[ASSIGNMENT]
Lines below containing the word "lerD" should be copied out.

[Saved entries]
* * * * * * *

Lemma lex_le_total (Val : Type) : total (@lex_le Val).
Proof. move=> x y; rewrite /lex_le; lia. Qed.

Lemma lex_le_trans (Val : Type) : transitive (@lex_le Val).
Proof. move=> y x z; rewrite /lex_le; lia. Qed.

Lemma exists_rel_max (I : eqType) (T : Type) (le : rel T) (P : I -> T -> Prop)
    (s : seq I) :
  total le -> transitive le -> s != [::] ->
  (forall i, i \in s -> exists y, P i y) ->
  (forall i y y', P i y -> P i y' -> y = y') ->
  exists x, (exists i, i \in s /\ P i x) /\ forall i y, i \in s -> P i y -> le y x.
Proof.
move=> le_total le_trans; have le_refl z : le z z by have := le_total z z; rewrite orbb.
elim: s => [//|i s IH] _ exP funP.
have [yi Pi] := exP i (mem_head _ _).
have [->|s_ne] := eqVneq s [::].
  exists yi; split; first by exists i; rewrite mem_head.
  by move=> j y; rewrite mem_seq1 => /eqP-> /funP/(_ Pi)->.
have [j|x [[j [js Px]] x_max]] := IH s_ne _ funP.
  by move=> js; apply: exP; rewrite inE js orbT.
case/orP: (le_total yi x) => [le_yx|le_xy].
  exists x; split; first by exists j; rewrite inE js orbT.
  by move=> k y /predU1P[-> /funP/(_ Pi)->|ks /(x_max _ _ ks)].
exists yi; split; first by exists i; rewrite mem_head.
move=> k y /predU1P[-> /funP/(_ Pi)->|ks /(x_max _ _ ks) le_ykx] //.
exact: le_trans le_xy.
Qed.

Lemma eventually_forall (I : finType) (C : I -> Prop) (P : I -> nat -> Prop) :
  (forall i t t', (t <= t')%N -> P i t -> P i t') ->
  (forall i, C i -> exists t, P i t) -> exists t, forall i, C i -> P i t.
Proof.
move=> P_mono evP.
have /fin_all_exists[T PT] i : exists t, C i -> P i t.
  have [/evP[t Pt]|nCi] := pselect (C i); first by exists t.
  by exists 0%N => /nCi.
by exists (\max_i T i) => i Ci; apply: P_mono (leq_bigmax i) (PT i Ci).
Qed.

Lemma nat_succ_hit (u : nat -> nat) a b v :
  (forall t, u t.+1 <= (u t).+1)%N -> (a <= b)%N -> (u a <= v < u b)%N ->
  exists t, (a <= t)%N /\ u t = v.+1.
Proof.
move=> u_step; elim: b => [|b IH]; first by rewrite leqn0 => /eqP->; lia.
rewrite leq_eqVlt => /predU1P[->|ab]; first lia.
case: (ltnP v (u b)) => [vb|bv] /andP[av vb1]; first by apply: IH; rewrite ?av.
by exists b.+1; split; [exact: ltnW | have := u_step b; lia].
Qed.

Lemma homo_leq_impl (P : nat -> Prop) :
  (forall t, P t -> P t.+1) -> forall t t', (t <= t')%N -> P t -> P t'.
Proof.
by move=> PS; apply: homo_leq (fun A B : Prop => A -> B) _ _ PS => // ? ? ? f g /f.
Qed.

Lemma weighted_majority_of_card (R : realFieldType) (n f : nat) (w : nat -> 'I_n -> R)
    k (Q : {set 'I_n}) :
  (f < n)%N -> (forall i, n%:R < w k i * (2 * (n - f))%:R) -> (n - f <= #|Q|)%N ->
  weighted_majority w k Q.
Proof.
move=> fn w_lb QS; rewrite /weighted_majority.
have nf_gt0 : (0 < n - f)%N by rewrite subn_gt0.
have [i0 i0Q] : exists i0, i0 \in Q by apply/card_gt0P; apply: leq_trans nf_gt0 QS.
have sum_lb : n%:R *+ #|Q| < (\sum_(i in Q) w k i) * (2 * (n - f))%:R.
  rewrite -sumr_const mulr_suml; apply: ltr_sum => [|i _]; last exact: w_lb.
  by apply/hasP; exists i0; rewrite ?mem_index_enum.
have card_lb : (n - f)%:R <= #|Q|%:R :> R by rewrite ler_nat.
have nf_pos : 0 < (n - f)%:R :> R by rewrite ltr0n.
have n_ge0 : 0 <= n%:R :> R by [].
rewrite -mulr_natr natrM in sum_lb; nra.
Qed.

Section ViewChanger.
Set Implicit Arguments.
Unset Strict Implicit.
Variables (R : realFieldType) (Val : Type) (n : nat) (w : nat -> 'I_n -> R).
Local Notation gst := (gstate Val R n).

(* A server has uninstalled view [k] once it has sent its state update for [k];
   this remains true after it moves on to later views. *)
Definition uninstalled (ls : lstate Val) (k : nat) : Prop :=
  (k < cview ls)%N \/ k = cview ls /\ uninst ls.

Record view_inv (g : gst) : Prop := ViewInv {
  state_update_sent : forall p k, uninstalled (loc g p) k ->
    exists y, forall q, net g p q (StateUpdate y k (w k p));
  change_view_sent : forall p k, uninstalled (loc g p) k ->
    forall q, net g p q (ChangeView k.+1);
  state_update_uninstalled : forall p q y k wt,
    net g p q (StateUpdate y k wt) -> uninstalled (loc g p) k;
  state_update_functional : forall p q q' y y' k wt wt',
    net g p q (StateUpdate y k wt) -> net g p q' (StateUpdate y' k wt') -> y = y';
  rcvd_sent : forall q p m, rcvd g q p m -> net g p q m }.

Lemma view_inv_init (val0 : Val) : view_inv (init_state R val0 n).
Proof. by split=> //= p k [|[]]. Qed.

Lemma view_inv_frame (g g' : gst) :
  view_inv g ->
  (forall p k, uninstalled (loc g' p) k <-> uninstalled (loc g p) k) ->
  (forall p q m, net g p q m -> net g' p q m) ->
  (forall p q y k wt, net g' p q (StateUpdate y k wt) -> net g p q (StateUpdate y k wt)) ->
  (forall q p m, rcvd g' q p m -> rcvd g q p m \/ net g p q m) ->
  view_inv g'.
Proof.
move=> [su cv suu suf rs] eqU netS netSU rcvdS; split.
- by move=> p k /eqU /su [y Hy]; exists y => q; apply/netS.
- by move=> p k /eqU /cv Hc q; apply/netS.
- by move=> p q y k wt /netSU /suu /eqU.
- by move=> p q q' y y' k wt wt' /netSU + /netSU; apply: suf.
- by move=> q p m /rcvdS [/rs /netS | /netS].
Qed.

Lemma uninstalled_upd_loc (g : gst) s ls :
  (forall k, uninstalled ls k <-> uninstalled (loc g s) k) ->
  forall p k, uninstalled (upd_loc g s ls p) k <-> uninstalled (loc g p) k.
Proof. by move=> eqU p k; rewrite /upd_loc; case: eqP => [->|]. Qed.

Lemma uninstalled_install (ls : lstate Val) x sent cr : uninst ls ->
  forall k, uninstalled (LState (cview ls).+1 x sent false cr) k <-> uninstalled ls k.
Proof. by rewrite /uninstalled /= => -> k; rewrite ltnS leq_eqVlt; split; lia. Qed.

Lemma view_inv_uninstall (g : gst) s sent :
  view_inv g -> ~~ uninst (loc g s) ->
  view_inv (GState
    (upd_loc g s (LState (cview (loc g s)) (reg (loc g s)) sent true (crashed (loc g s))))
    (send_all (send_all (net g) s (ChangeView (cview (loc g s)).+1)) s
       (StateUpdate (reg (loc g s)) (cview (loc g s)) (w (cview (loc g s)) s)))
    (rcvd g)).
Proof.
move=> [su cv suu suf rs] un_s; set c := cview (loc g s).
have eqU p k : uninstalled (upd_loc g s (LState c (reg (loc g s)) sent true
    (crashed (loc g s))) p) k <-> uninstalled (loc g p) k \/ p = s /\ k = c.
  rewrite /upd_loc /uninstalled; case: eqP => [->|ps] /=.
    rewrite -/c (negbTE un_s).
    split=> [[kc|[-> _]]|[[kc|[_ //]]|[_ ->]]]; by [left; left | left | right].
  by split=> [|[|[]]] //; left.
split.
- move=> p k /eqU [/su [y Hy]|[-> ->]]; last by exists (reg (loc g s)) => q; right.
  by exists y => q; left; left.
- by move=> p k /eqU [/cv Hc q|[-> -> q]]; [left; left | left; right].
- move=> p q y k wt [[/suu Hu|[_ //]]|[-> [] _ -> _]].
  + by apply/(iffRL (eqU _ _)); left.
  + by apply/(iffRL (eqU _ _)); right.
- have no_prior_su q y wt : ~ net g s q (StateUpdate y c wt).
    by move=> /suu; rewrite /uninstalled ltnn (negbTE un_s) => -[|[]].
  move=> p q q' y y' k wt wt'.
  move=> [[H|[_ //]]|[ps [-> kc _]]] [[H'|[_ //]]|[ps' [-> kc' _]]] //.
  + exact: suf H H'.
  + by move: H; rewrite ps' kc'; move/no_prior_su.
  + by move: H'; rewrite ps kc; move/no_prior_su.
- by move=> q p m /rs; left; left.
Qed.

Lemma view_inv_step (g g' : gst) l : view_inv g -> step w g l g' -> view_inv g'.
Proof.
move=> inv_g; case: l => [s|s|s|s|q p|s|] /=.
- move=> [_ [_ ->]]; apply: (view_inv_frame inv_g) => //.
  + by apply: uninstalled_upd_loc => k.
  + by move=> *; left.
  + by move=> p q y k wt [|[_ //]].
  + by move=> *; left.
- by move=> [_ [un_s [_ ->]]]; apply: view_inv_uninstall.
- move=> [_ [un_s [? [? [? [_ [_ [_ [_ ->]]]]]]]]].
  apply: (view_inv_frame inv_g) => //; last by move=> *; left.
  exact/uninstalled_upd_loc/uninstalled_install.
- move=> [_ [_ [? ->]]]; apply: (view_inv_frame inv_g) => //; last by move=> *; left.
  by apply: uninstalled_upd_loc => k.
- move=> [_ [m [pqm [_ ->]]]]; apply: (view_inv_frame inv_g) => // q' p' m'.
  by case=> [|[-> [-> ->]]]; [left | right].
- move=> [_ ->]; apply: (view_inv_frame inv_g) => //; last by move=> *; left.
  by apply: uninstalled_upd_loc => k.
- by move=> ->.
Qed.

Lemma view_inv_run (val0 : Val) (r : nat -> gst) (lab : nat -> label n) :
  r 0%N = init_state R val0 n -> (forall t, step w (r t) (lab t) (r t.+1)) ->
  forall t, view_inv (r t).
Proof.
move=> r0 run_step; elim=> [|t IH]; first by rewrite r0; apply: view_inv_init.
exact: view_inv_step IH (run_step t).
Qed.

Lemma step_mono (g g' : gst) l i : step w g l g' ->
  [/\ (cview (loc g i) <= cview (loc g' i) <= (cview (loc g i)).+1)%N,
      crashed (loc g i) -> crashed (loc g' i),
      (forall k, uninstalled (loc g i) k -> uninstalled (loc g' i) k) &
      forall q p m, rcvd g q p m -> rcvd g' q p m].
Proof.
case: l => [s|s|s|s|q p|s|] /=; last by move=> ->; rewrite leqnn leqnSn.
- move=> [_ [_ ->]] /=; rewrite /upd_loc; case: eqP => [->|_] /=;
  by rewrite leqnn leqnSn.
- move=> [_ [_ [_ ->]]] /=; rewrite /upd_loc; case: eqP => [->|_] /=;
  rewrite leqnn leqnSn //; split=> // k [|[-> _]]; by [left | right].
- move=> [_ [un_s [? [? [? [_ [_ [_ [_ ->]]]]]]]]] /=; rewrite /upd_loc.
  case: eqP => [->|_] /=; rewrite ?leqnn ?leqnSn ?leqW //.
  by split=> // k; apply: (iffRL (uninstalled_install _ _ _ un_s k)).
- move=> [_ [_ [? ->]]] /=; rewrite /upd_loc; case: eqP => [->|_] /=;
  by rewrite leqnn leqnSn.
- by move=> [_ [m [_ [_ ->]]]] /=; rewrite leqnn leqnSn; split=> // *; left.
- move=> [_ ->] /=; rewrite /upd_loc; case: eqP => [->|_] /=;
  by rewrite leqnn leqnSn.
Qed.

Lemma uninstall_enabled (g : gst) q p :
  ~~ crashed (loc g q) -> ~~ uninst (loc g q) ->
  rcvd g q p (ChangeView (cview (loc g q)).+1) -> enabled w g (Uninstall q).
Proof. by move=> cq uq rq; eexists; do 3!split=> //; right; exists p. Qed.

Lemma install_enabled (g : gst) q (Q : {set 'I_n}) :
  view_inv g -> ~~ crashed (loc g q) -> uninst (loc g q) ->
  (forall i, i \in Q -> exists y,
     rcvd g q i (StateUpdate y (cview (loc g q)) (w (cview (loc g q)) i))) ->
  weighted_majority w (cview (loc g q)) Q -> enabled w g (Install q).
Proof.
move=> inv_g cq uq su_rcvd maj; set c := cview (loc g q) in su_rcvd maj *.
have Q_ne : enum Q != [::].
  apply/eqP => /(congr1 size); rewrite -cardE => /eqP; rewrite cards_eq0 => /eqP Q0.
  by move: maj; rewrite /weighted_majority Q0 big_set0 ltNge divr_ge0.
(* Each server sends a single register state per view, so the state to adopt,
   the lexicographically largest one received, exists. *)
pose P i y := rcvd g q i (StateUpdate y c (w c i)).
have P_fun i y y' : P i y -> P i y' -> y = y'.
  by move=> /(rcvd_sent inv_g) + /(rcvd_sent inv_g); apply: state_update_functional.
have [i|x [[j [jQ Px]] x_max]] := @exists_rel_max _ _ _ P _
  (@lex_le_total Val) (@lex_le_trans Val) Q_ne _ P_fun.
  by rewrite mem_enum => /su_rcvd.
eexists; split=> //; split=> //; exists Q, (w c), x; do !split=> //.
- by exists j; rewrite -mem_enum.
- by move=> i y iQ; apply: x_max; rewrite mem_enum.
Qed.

* * * * * * *

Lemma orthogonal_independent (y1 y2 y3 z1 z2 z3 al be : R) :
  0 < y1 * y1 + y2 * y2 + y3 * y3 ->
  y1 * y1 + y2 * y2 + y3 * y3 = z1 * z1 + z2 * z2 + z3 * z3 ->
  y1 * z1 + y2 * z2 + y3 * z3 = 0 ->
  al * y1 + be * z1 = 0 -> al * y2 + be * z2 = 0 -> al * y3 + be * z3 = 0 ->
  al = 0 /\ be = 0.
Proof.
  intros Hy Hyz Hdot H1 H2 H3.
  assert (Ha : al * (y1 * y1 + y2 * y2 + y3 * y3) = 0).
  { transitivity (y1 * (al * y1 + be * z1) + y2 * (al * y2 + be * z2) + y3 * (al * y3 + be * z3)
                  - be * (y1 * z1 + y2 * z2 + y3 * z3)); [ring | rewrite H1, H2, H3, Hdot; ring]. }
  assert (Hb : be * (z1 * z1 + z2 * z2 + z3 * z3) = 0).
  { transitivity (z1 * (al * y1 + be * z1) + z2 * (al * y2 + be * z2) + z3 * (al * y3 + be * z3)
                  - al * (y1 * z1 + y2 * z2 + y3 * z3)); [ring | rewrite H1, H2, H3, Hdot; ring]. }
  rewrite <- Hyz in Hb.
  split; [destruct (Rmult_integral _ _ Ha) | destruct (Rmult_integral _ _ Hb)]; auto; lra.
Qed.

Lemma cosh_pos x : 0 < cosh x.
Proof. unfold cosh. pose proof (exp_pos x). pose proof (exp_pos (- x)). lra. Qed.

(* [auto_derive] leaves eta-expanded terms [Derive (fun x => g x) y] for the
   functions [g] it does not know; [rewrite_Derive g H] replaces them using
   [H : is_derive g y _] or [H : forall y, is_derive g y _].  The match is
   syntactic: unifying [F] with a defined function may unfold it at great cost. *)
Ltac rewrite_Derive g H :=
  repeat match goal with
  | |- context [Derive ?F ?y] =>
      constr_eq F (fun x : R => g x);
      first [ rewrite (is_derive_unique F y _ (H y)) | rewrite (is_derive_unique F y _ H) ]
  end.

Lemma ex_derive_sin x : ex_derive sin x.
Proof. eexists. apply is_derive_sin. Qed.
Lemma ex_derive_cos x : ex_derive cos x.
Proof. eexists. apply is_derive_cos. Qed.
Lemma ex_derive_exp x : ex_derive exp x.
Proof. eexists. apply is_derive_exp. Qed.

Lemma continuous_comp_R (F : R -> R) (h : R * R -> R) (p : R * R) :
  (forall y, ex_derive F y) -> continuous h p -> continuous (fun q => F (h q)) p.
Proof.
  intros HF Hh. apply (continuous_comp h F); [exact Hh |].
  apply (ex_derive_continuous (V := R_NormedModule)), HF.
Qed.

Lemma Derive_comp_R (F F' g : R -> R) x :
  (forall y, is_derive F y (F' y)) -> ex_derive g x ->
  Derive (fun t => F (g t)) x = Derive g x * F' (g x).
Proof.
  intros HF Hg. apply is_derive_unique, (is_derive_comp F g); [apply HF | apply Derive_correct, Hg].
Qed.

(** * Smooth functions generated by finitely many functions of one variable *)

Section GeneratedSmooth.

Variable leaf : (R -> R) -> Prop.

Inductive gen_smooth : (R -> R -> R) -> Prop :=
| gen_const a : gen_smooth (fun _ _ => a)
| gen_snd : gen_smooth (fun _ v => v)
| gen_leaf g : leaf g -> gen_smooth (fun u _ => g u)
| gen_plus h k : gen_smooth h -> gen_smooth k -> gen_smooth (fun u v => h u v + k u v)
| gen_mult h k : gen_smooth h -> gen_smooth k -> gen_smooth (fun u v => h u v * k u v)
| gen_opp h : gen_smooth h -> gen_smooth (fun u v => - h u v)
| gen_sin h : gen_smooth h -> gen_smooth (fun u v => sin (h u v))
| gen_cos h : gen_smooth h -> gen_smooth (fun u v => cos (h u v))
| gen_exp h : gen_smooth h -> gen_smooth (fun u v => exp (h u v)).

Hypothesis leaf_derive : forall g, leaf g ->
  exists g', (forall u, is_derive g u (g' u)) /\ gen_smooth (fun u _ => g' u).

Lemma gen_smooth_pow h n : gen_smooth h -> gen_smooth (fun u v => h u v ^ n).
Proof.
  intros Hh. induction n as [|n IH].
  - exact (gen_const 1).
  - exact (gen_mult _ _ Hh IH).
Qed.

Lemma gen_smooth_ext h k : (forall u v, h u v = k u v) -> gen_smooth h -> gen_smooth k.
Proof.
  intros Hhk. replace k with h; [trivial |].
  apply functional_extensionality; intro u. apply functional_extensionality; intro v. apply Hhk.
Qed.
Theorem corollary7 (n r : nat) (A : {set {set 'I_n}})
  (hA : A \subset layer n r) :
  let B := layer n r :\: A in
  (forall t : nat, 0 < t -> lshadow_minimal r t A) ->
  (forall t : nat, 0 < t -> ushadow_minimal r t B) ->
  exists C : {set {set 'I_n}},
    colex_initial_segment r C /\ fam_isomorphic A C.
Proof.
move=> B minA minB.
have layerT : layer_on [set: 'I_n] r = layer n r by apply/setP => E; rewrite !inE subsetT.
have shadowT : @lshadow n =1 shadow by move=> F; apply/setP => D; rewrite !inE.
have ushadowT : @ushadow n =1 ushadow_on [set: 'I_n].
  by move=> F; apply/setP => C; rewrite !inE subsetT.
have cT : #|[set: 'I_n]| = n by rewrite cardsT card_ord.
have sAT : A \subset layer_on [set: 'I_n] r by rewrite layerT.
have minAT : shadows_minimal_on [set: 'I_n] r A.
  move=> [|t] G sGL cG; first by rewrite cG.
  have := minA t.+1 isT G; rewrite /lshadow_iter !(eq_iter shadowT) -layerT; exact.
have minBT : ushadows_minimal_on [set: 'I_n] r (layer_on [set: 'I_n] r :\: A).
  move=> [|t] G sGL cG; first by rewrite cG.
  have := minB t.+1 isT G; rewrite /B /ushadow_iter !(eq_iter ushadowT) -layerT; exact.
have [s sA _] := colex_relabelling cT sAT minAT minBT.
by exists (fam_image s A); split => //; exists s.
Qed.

* * * * * * *

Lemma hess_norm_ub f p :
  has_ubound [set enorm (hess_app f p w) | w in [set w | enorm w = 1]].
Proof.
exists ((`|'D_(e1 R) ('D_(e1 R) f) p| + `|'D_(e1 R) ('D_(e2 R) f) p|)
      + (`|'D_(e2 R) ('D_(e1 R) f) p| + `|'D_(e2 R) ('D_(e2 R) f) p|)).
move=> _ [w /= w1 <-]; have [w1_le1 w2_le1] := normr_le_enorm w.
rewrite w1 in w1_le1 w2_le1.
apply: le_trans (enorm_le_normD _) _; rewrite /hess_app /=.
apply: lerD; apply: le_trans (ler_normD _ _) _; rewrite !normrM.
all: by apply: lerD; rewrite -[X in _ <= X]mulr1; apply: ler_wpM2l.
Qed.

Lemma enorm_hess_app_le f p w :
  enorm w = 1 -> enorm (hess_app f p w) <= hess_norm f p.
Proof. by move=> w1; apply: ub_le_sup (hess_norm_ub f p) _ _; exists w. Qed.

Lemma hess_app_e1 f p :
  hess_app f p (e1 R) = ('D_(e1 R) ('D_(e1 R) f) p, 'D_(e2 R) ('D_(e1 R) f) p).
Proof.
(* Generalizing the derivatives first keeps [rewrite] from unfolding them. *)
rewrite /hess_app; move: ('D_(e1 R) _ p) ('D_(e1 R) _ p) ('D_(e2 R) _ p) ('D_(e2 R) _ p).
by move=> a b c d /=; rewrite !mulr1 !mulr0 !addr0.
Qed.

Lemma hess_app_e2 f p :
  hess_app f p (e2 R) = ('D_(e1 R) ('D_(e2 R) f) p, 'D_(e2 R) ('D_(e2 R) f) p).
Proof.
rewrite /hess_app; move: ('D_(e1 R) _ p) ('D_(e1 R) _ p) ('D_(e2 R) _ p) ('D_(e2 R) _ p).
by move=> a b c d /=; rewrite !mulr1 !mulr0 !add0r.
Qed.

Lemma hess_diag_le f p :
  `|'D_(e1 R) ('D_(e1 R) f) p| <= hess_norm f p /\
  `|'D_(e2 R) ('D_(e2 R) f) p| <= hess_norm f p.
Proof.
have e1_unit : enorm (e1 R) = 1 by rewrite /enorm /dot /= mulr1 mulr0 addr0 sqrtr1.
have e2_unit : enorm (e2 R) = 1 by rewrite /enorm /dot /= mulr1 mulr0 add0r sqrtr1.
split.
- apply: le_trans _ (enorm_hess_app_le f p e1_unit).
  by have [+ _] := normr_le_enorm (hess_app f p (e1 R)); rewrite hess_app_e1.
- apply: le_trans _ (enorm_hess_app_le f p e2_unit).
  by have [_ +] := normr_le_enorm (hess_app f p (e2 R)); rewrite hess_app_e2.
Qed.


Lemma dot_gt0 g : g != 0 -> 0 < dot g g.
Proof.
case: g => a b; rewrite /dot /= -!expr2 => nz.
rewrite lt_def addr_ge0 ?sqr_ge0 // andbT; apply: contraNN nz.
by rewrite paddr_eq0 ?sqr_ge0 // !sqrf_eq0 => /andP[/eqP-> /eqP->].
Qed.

* * * * * * *

[EXERCISE OUTPUT]
apply: lerD; apply: le_trans (ler_normD _ _) _; rewrite !normrM.
all: by apply: lerD; rewrite -[X in _ <= X]mulr1; apply: ler_wpM2l.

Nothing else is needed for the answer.